描述（由申请人提供）：该项目的目的是识别和优化针对异氯酸酯脱氢酶1（IDH1）的抑制剂。 22个神经胶质瘤基因组的公正基因组测序发现IDH1在染色体2q33-A基因上复发突变，编码与三羧酸周期（TCA）相关的IIDH1的胞质同工型，可催化同二羧酸脱羧酸脱羧酸含量的氧化二羧酸含量，并与1-固定物的氧化羧酸脱羧酸含量，并促成1-酮2的coctypation+ coptrogation+ coction+ coptroutaRation and coptrad croctyprate+ coptrad awardarate and croctyprate and croctyprate and croct croctyp aid a后。随后的研究证实了多达70％的继发性神经胶质瘤和10％的AML病例的复发性IDH突变。我们发现，与癌症相关的IDH1的体躯体突变是一个点突变，导致精氨酸132（IDH1 R132）的各种氨基酸取代基 - 在酶的活性部位中发现的一个关键残基，当突变时，突变导致了造成损失的损失，从而产生了代理化的同含量，从而产生了构造的同含量，从而产生了构造的同含量。 2-羟基戊二酸（2HG）。实际上，这将IDH1定义为一种癌基因，并提供了一个非凡的机会，可以发现针对突变体IDH1的化学探针，该探针可能转化为胶质瘤和AML患者的急需的新疗法。
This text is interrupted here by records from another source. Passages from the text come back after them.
From HB Require Import structures.
From mathcomp Require Import all_boot all_order all_algebra.
From mathcomp Require Import complex Rstruct.
Import Order.TTheory GRing.Theory Num.Theory.
Local Open Scope ring_scope.

(* Omega is central, and E acts on Omega^k g(H) w as eta Omega^k g(H - 1) w, so E - eta
   lowers the H-degree of a relation sum_k Omega^k Q_k(H) w = 0 until every Q_k is
   constant; the relation then reads r(Omega) w = 0, and r lies in Z_V because w is
   cyclic.  Hence the Omega^k H^j w are free for k below deg p (for all k if Z_V = 0),
   and they span since p(Omega) = 0 on V.  Finally Omega w = 2 eta F w + u(H + 1) w,
   so F^k g(H) w = (2 eta)^-k Omega^k g(H + k) w modulo lower powers of Omega, which
   transfers both properties from the Omega^k H^j w to the F^k H^j w. *)

Section BackwardDifference.
Context {R : idomainType}.
Implicit Type g : {poly R}.

Definition backdiff g := g \Po ('X - 1) - g.

Lemma size_comp_Xsub1 g : size (g \Po ('X - 1)) = size g.
Proof. by rewrite size_comp_poly2 // -polyC1 size_XsubC. Qed.

Lemma size_backdiff g : (size (backdiff g) <= (size g).-1)%N.
Proof.
have [->|g_neq0] := eqVneq g 0; first by rewrite /backdiff comp_poly0 subr0 size_poly0.
have lead_shift : lead_coef (g \Po ('X - 1)) = lead_coef g.
  by rewrite lead_coef_comp -polyC1 ?size_XsubC // lead_coefXsubC expr1n mulr1.
apply/leq_sizeP => j; rewrite leq_eqVlt => /predU1P[<-|lt_j]; rewrite coefB.
  by rewrite -[X in _ - X]lead_coefE -size_comp_Xsub1 -lead_coefE lead_shift subrr.
have le_j := leq_trans (leqSpred _) lt_j.
by rewrite !nth_default ?subrr ?size_comp_Xsub1.
Qed.

End BackwardDifference.

Lemma backdiff_eq0 (R : numDomainType) (g : {poly R}) : backdiff g = 0 -> g = (g`_0)%:P.
Proof.
move=> /eqP; rewrite subr_eq0 => /eqP g_shift.
have g_nat k : g.[k%:R] = g.[0].
  elim: k => // k IH; rewrite mulrSr -IH -{1}g_shift horner_comp !hornerE.
  by rewrite addrK.
pose h := g - (g`_0)%:P.
have h_nat k : root h k%:R by rewrite /root !hornerE g_nat horner_coef0 subrr.
suff /eqP : h = 0 by rewrite subr_eq0 => /eqP.
apply: (@roots_geq_poly_eq0 _ h [seq k%:R | k <- iota 0 (size h)]).
- by apply/allP => _ /mapP[k _ ->].
- by rewrite map_inj_uniq ?iota_uniq // => a b /eqP; rewrite eqr_nat => /eqP.
- by rewrite size_map size_iota.
Qed.

Section Shift.
Context {R : nzRingType}.
Implicit Type p : {poly R}.

Lemma comp_polyXadd1_K p : (p \Po ('X + 1)) \Po ('X - 1) = p.
Proof. by have := comp_polyXaddC_K p 1; rewrite polyC1. Qed.

Lemma comp_polyXsub1_K p : (p \Po ('X - 1)) \Po ('X + 1) = p.
Proof. by have := comp_polyXaddC_K p (-1); rewrite polyCN opprK polyC1. Qed.

End Shift.

Lemma comp_polyXaddC_comp (R : comNzRingType) (p : {poly R}) a b :
  (p \Po ('X + a%:P)) \Po ('X + b%:P) = p \Po ('X + (a + b)%:P).
Proof. by rewrite -comp_polyA comp_polyD comp_polyX comp_polyC -addrA -polyCD (addrC b). Qed.

Lemma iter_morph {T U : Type} {S : T -> U} {A : T -> T} {B : U -> U} k :
  {morph S : x / A x >-> B x} -> {morph S : x / iter k A x >-> iter k B x}.
Proof. by move=> SAB x; elim: k => //= k <-. Qed.

Section IterLinear.
Variables (R : pzRingType) (V : lmodType R) (A : {linear V -> V}).

Lemma iter_is_linear k : linear (iter k A).
Proof. by elim: k => [|k IH] a x y //=; rewrite IH linearP. Qed.

HB.instance Definition _ k :=
  GRing.isLinear.Build R V V *:%R (iter k A) (iter_is_linear k).

End IterLinear.

Section PolyOp.
Context {V : lmodType CC}.
Implicit Types (p q r : {poly CC}) (A : V -> V) (v : V).

Lemma poly_op_widen N q A v : (size q <= N)%N ->
  poly_op q A v = \sum_(i < N) q`_i *: iter i A v.
Proof.
move=> le_qN; rewrite /poly_op (big_ord_widen N (fun i => q`_i *: iter i A v)) //.
rewrite big_mkcond; apply: eq_bigr => i _.
by case: ltnP => // ge_iq; rewrite nth_default ?scale0r.
Qed.

Lemma poly_op0 A v : poly_op 0 A v = 0.
Proof. by rewrite /poly_op size_poly0 big_ord0. Qed.

Lemma poly_opD p q A v : poly_op (p + q) A v = poly_op p A v + poly_op q A v.
Proof.
rewrite !(poly_op_widen (maxn (size p) (size q))) ?leq_maxl ?leq_maxr ?size_polyD //.
by rewrite -big_split; apply: eq_bigr => i _; rewrite coefD scalerDl.
Qed.

Lemma poly_opZ c q A v : poly_op (c *: q) A v = c *: poly_op q A v.
Proof.
rewrite (poly_op_widen (size q)) ?size_scale_leq // /poly_op scaler_sumr.
by apply: eq_bigr => i _; rewrite coefZ scalerA.
Qed.

Lemma poly_opN q A v : poly_op (- q) A v = - poly_op q A v.
Proof. by rewrite -(scaleN1r q) poly_opZ scaleN1r. Qed.

Lemma poly_opB p q A v : poly_op (p - q) A v = poly_op p A v - poly_op q A v.
Proof. by rewrite poly_opD poly_opN. Qed.

Lemma poly_opC c A v : poly_op c%:P A v = c *: v.
Proof. by rewrite (poly_op_widen 1) ?size_polyC_leq1 // big_ord1 coefC. Qed.

Lemma poly_opMX q A v : poly_op (q * 'X) A v = poly_op q A (A v).
Proof.
rewrite (poly_op_widen (size q).+1); last first.
  by rewrite (leq_trans (size_polyMleq _ _)) // size_polyX addn2.
rewrite big_ord_recl coefMX eqxx scale0r add0r.
by apply: eq_bigr => i _; rewrite coefMX /= -iterSr.
Qed.

Lemma poly_opXaddC c A v : poly_op ('X + c%:P) A v = A v + c *: v.
Proof. by rewrite poly_opD poly_opC -['X]mul1r poly_opMX -polyC1 poly_opC scale1r. Qed.

Lemma poly_op_morph {T : {linear V -> V}} {A B} q :
  {morph T : x / A x >-> B x} -> {morph T : x / poly_op q A x >-> poly_op q B x}.
Proof.
move=> TAB x; rewrite /poly_op linear_sum; apply: eq_bigr => i _.
by rewrite linearZZ (iter_morph _ TAB).
Qed.

Section LinearOp.
Variable A : {linear V -> V}.

Lemma poly_op_is_linear q : linear (poly_op q A).
Proof.
move=> a x y; rewrite /poly_op scaler_sumr -big_split /=.
by apply: eq_bigr => i _; rewrite linearP scalerDr !scalerA mulrC.
Qed.

HB.instance Definition _ q :=
  GRing.isLinear.Build CC V V *:%R (poly_op q A) (poly_op_is_linear q).

Lemma poly_op_comm q v : A (poly_op q A v) = poly_op q A (A v).
Proof. exact: poly_op_morph. Qed.

Lemma poly_opM p q v : poly_op (p * q) A v = poly_op p A (poly_op q A v).
Proof.
elim/poly_ind: p q v => [|p c IH] q v; first by rewrite mul0r !poly_op0.
rewrite mulrDl -mulrA -(commr_polyX q) poly_opD mul_polyC poly_opZ IH.
by rewrite poly_opD poly_opC !poly_opMX poly_op_comm.
Qed.

Lemma poly_op_comp p r v : poly_op (p \Po r) A v = poly_op p (poly_op r A) v.
Proof.
elim/poly_ind: p v => [|p c IH] v; first by rewrite comp_poly0 !poly_op0.
by rewrite comp_poly_MXaddC !poly_opD !poly_opC poly_opM IH poly_opMX.
Qed.

End LinearOp.

Lemma Omega_op_is_linear u (E F H : {linear V -> V}) : linear (Omega_op u E F H).
Proof.
move=> a x y; rewrite /Omega_op [E _]linearP [F _]linearP [poly_op _ _ _]linearP.
by rewrite !scalerDr !scalerA (mulrC a) addrACA.
Qed.

HB.instance Definition _ u E F H :=
  GRing.isLinear.Build CC V V *:%R (Omega_op u E F H) (Omega_op_is_linear u E F H).

End PolyOp.

Definition poly_span {V : lmodType CC} (H X : V -> V) (w : V) m x :=
  exists Q : nat -> {poly CC}, x = \sum_(k < m) iter k X (poly_op (Q k) H w).

Definition grid m N := [seq (i, j) | i <- iota 0 m, j <- iota 0 N].

Section PolySpan.
Context {V : lmodType CC} {H : V -> V} {X : {linear V -> V}} {w : V}.
Local Notation Xspan := (poly_span H X w).

Lemma poly_span0 m : Xspan m 0.
Proof. by exists (fun=> 0); rewrite big1 // => k _; rewrite poly_op0 linear0. Qed.

Lemma poly_spanD m x y : Xspan m x -> Xspan m y -> Xspan m (x + y).
Proof.
move=> [Q ->] [Q' ->]; exists (fun k => Q k + Q' k).
by rewrite -big_split; apply: eq_bigr => k _; rewrite poly_opD linearD.
Qed.

Lemma poly_spanZ m c x : Xspan m x -> Xspan m (c *: x).
Proof.
move=> [Q ->]; exists (fun k => c *: Q k).
by rewrite scaler_sumr; apply: eq_bigr => k _; rewrite poly_opZ linearZZ.
Qed.

Lemma poly_spanN m x : Xspan m x -> Xspan m (- x).
Proof. by rewrite -scaleN1r; apply: poly_spanZ. Qed.

Lemma poly_spanB m x y : Xspan m x -> Xspan m y -> Xspan m (x - y).
Proof. by move=> sx sy; apply/poly_spanD/poly_spanN. Qed.

Lemma poly_span_sum m (I : Type) (r : seq I) (P : pred I) (G : I -> V) :
  (forall i, P i -> Xspan m (G i)) -> Xspan m (\sum_(i <- r | P i) G i).
Proof. by move=> sG; apply: big_ind => //; [apply: poly_span0 | apply: poly_spanD]. Qed.

Lemma poly_span_widen m m' x : (m <= m')%N -> Xspan m x -> Xspan m' x.
Proof.
move=> le_mm' [Q ->]; exists (fun k => if (k < m)%N then Q k else 0).
rewrite (big_ord_widen m' (fun k => iter k X (poly_op (Q k) H w))) // big_mkcond.
by apply: eq_bigr => k _; case: ifP => // _; rewrite poly_op0 linear0.
Qed.

Lemma poly_span_gen m k g : (k < m)%N -> Xspan m (iter k X (poly_op g H w)).
Proof.
move=> lt_km; exists (fun j => if j == k then g else 0).
rewrite (bigD1 (Ordinal lt_km)) //= eqxx big1 ?addr0 // => j /negbTE.
by rewrite -val_eqE /= => ->; rewrite poly_op0 linear0.
Qed.

Lemma poly_span_w m : (0 < m)%N -> Xspan m w.
Proof. by move=> m_gt0; have := poly_span_gen m 0 1%:P m_gt0; rewrite poly_opC scale1r. Qed.

Lemma poly_span_X m x : Xspan m x -> Xspan m.+1 (X x).
Proof.
move=> [Q ->]; rewrite linear_sum; apply: poly_span_sum => k _.
exact: (poly_span_gen m.+1 k.+1 _ (ltn_ord k)).
Qed.

Lemma sum_grid m N (Q : nat -> {poly CC}) (a : nat * nat -> CC) :
  (forall k, (k < m)%N -> (size (Q k) <= N)%N) ->
  (forall i j, (i < m)%N -> (j < N)%N -> (Q i)`_j = a (i, j)) ->
  \sum_(k < m) iter k X (poly_op (Q k) H w) =
  \sum_(ij <- grid m N) a ij *: iter ij.1 X (iter ij.2 H w).
Proof.
move=> size_Q coef_Q; rewrite big_allpairs.
rewrite -(big_mkord xpredT (fun k => iter k X (poly_op (Q k) H w))) /index_iota subn0.
apply: eq_big_seq => i; rewrite mem_iota leq0n add0n => lt_im.
rewrite (poly_op_widen N) ?size_Q // linear_sum.
rewrite -(big_mkord xpredT (fun j => iter i X ((Q i)`_j *: iter j H w))) /index_iota subn0.
apply: eq_big_seq => j; rewrite mem_iota leq0n add0n => lt_jN.
by rewrite linearZZ coef_Q.
Qed.

Lemma poly_span_grid m x : Xspan m x -> exists s (c : nat * nat -> CC),
  all (fun ij => ij.1 < m)%N s /\ x = \sum_(ij <- s) c ij *: iter ij.1 X (iter ij.2 H w).
Proof.
move=> [Q ->]; set N := \max_(k < m) size (Q k).
exists (grid m N), (fun ij => (Q ij.1)`_ij.2); split.
  by apply/allP => _ /allpairsP[[i j] [+ _ ->]]; rewrite mem_iota.
apply: sum_grid => // k lt_km.
exact: (@leq_bigmax _ (fun k : 'I_m => size (Q k)) (Ordinal lt_km)).
Qed.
该提案具有两个具体的目的：（1）使用经过验证的HTS测定法对IDH1 R132H发现了针对突变体IDH1的新型化学探针； （2）使用匹配的成对细胞系（父母U87mg胶质母细胞瘤和U87MG稳定的细胞系），对具有2HG产生的肿瘤细胞的化学探针进行合成杀伤性筛选，并构成表达IDH1R132H突变体）。 公共卫生相关性：该提案的目的是筛选针对异急塞脱氢酶1（IDH1）突变形式的化学抑制剂。最近，发现70％的II-IV胶质瘤有复发性IDH突变。 IDH1相关的神经膜瘤的体细胞突变导致精氨酸132（IDH1 R132） - 在IDH1活跃部位发现的残基，在突变时赋予了功能良好，从而赋予了功能的收益，从而导致Neomorphic of Neomorthic产生oncometabolite 2- hydroxy-hydroxy-glutarate（2HG）。该提案中描述的分析提供了一个独特的机会，可以识别旨在研究突变体IDH1和2HG在神经胶质瘤中的作用的化学探针。